- [What you need to do]
Whenever a line in the entries includes the word "Lint", copy that line out.

- [Record excerpts]
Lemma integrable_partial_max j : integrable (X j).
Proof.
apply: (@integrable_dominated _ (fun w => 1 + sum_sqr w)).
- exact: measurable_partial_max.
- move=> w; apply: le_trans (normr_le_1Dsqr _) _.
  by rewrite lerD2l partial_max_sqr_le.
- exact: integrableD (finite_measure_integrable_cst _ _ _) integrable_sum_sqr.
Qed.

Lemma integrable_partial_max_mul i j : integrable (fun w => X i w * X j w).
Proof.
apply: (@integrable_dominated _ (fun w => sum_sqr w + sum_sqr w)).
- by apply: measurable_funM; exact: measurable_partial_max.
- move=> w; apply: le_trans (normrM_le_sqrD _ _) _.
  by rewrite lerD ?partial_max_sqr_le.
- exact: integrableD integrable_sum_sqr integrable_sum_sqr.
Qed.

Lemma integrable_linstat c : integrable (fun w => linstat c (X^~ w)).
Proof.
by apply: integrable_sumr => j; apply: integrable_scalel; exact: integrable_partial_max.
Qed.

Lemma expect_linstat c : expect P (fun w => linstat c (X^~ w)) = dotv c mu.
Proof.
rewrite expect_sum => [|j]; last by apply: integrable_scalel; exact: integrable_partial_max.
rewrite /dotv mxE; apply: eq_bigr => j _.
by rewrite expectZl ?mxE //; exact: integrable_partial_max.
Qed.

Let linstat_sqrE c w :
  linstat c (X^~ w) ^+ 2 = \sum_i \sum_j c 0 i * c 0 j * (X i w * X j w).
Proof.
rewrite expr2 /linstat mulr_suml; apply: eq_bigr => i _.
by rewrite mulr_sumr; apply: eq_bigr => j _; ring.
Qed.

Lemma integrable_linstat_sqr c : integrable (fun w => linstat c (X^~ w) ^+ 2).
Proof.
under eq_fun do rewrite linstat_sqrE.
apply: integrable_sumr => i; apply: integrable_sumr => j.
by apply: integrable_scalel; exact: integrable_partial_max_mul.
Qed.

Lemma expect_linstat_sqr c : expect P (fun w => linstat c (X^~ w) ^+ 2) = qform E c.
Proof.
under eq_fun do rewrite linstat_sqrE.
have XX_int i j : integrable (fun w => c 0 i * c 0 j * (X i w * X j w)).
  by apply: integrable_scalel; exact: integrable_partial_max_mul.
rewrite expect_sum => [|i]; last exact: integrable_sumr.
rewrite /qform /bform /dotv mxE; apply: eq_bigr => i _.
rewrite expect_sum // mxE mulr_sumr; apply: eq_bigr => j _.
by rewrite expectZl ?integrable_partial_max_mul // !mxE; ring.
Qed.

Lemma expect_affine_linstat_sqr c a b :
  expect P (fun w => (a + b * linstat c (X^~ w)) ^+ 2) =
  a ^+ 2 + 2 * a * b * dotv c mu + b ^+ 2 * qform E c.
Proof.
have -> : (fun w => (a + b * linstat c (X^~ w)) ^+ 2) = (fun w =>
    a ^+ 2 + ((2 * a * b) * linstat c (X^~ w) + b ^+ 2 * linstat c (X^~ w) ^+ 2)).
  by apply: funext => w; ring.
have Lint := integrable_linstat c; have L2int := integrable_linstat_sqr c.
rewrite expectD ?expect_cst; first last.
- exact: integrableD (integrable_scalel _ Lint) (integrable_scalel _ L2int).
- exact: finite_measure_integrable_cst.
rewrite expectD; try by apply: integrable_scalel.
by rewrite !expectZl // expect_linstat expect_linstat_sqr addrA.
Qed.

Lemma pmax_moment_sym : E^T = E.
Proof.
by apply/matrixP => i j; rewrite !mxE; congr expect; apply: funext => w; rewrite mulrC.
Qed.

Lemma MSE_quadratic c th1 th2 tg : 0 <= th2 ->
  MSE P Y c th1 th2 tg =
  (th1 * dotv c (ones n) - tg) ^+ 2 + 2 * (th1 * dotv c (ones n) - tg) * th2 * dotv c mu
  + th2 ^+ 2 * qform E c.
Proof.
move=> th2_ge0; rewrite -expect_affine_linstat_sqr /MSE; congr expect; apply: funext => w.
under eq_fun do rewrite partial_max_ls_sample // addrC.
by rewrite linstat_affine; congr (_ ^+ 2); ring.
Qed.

---

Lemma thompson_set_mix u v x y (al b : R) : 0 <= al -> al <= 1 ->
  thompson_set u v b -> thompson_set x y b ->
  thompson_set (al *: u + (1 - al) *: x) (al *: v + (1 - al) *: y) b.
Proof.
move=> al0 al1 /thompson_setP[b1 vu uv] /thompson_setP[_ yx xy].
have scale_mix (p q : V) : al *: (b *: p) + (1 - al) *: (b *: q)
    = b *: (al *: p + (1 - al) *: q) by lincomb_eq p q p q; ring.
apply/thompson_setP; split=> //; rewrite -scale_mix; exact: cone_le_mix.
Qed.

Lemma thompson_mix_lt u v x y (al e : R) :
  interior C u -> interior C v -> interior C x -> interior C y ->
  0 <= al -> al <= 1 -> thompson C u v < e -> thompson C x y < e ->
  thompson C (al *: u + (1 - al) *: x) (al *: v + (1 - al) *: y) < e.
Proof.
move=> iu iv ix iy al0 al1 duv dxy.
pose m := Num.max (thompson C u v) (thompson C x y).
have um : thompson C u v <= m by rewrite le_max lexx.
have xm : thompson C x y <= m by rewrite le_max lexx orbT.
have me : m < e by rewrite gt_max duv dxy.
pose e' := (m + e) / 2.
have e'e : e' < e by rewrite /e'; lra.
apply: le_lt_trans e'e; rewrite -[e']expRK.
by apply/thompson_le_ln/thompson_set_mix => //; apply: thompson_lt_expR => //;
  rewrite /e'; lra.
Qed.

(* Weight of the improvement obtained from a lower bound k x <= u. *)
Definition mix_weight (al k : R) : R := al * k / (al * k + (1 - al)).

...

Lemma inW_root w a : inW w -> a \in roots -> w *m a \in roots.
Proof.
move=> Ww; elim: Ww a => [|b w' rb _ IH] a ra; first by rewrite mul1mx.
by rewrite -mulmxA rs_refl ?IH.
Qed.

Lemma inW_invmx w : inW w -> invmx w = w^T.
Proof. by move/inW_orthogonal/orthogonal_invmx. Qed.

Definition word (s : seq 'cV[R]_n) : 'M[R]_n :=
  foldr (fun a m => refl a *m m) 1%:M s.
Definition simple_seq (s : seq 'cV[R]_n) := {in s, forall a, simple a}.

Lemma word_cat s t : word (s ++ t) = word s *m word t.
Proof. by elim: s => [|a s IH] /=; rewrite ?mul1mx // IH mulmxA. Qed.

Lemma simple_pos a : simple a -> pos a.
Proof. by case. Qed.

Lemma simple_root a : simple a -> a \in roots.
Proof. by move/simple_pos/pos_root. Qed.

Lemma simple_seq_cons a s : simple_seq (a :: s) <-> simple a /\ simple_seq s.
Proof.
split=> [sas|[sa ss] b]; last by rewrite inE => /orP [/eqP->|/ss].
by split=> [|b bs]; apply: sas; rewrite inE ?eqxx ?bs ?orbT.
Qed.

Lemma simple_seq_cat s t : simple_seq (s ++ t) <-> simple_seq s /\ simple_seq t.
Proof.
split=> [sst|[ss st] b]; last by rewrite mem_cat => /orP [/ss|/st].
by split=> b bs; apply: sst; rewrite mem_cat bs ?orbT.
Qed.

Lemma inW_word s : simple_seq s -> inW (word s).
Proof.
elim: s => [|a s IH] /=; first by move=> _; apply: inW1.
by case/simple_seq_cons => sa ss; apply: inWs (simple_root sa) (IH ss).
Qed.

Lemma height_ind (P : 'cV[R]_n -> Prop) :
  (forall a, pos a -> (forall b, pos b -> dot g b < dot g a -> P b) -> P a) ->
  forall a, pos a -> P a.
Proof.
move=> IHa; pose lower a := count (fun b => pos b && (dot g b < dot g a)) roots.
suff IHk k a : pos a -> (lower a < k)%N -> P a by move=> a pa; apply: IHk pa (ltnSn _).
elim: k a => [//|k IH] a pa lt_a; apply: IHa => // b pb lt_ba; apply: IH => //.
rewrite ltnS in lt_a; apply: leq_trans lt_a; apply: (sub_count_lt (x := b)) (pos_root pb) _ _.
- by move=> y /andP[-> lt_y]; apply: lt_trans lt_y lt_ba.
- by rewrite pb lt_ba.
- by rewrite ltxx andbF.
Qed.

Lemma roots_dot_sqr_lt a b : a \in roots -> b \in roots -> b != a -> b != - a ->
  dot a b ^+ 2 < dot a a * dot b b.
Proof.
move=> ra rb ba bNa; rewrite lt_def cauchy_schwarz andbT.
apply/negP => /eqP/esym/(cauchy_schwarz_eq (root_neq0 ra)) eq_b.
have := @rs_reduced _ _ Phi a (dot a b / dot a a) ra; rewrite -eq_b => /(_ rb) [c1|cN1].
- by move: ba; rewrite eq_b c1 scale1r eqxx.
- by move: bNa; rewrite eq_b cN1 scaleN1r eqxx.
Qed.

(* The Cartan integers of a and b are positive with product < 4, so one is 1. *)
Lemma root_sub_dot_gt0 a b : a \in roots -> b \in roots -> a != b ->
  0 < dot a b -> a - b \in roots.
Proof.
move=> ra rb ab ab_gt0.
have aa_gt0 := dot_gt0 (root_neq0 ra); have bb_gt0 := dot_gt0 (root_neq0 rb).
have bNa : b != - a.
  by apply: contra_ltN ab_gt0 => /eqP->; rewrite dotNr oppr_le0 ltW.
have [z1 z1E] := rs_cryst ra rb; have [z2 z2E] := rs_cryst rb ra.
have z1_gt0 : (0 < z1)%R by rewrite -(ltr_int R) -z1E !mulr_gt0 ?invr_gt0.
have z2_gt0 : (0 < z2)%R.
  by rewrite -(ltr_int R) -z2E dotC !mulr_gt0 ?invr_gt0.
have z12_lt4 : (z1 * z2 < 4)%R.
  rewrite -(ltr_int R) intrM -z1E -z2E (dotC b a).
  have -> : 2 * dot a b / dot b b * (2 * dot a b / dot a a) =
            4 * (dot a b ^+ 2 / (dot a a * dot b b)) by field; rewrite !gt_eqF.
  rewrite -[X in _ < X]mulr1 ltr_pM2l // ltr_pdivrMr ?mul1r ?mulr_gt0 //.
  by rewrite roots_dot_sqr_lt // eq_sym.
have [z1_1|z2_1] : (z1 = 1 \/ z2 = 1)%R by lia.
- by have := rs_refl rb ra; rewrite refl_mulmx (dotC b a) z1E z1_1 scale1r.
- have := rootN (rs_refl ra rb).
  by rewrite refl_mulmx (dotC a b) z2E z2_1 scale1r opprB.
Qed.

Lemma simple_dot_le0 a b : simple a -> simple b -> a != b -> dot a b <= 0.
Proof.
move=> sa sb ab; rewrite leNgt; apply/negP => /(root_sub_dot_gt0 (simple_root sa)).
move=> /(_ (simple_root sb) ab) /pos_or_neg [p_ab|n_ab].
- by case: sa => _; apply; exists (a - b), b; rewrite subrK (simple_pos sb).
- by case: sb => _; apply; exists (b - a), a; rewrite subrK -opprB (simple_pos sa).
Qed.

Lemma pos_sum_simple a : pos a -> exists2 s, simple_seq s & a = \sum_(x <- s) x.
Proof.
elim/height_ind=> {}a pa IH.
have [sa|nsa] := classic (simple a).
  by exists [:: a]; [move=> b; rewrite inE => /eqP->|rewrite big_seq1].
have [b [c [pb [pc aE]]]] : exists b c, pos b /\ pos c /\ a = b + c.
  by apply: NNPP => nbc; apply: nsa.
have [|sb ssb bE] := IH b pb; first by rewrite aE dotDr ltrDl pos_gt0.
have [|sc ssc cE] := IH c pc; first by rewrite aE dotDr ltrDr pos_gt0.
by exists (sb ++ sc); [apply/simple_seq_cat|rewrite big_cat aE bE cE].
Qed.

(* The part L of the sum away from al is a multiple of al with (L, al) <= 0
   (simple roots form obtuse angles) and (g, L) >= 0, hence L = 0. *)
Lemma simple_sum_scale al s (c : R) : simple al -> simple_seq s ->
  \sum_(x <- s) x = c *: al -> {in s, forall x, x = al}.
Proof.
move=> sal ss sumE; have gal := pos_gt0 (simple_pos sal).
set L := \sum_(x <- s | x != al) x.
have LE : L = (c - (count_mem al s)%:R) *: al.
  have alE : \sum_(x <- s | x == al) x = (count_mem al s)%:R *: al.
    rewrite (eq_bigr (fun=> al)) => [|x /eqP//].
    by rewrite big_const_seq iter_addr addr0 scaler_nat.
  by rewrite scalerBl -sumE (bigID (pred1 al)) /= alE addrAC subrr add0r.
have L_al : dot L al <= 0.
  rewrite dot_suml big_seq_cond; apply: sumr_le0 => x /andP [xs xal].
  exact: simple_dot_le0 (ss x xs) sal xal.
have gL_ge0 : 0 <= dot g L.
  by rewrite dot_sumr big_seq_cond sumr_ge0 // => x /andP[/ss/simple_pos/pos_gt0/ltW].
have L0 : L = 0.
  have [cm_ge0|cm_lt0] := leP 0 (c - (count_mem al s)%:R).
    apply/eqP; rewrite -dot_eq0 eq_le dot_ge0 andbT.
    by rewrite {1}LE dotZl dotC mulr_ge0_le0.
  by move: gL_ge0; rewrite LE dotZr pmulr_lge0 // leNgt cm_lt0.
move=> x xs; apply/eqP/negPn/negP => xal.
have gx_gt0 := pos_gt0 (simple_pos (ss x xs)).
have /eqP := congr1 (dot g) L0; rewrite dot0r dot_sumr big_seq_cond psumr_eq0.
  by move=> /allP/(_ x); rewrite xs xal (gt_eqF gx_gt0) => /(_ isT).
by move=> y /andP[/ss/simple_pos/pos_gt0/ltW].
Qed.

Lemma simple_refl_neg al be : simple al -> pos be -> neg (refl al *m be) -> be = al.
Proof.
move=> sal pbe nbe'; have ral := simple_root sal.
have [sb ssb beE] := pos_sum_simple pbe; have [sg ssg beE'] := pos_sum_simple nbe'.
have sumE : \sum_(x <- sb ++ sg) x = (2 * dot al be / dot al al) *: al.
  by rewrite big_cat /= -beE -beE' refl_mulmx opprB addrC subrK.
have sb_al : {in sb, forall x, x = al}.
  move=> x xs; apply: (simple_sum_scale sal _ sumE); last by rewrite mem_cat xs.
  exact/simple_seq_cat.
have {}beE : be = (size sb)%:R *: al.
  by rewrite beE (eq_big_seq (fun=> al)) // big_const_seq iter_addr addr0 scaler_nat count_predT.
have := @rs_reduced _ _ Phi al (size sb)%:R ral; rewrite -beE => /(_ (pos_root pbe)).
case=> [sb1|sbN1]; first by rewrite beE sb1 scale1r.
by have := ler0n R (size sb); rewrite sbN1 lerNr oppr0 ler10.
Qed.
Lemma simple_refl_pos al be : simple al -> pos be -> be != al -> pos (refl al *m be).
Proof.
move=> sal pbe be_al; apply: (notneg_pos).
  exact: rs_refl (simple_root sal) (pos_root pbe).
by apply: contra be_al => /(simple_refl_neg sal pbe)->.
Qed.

- [Solution]
have Lint := integrable_linstat c; have L2int := integrable_linstat_sqr c.
- exact: integrableD (integrable_scalel _ Lint) (integrable_scalel _ L2int).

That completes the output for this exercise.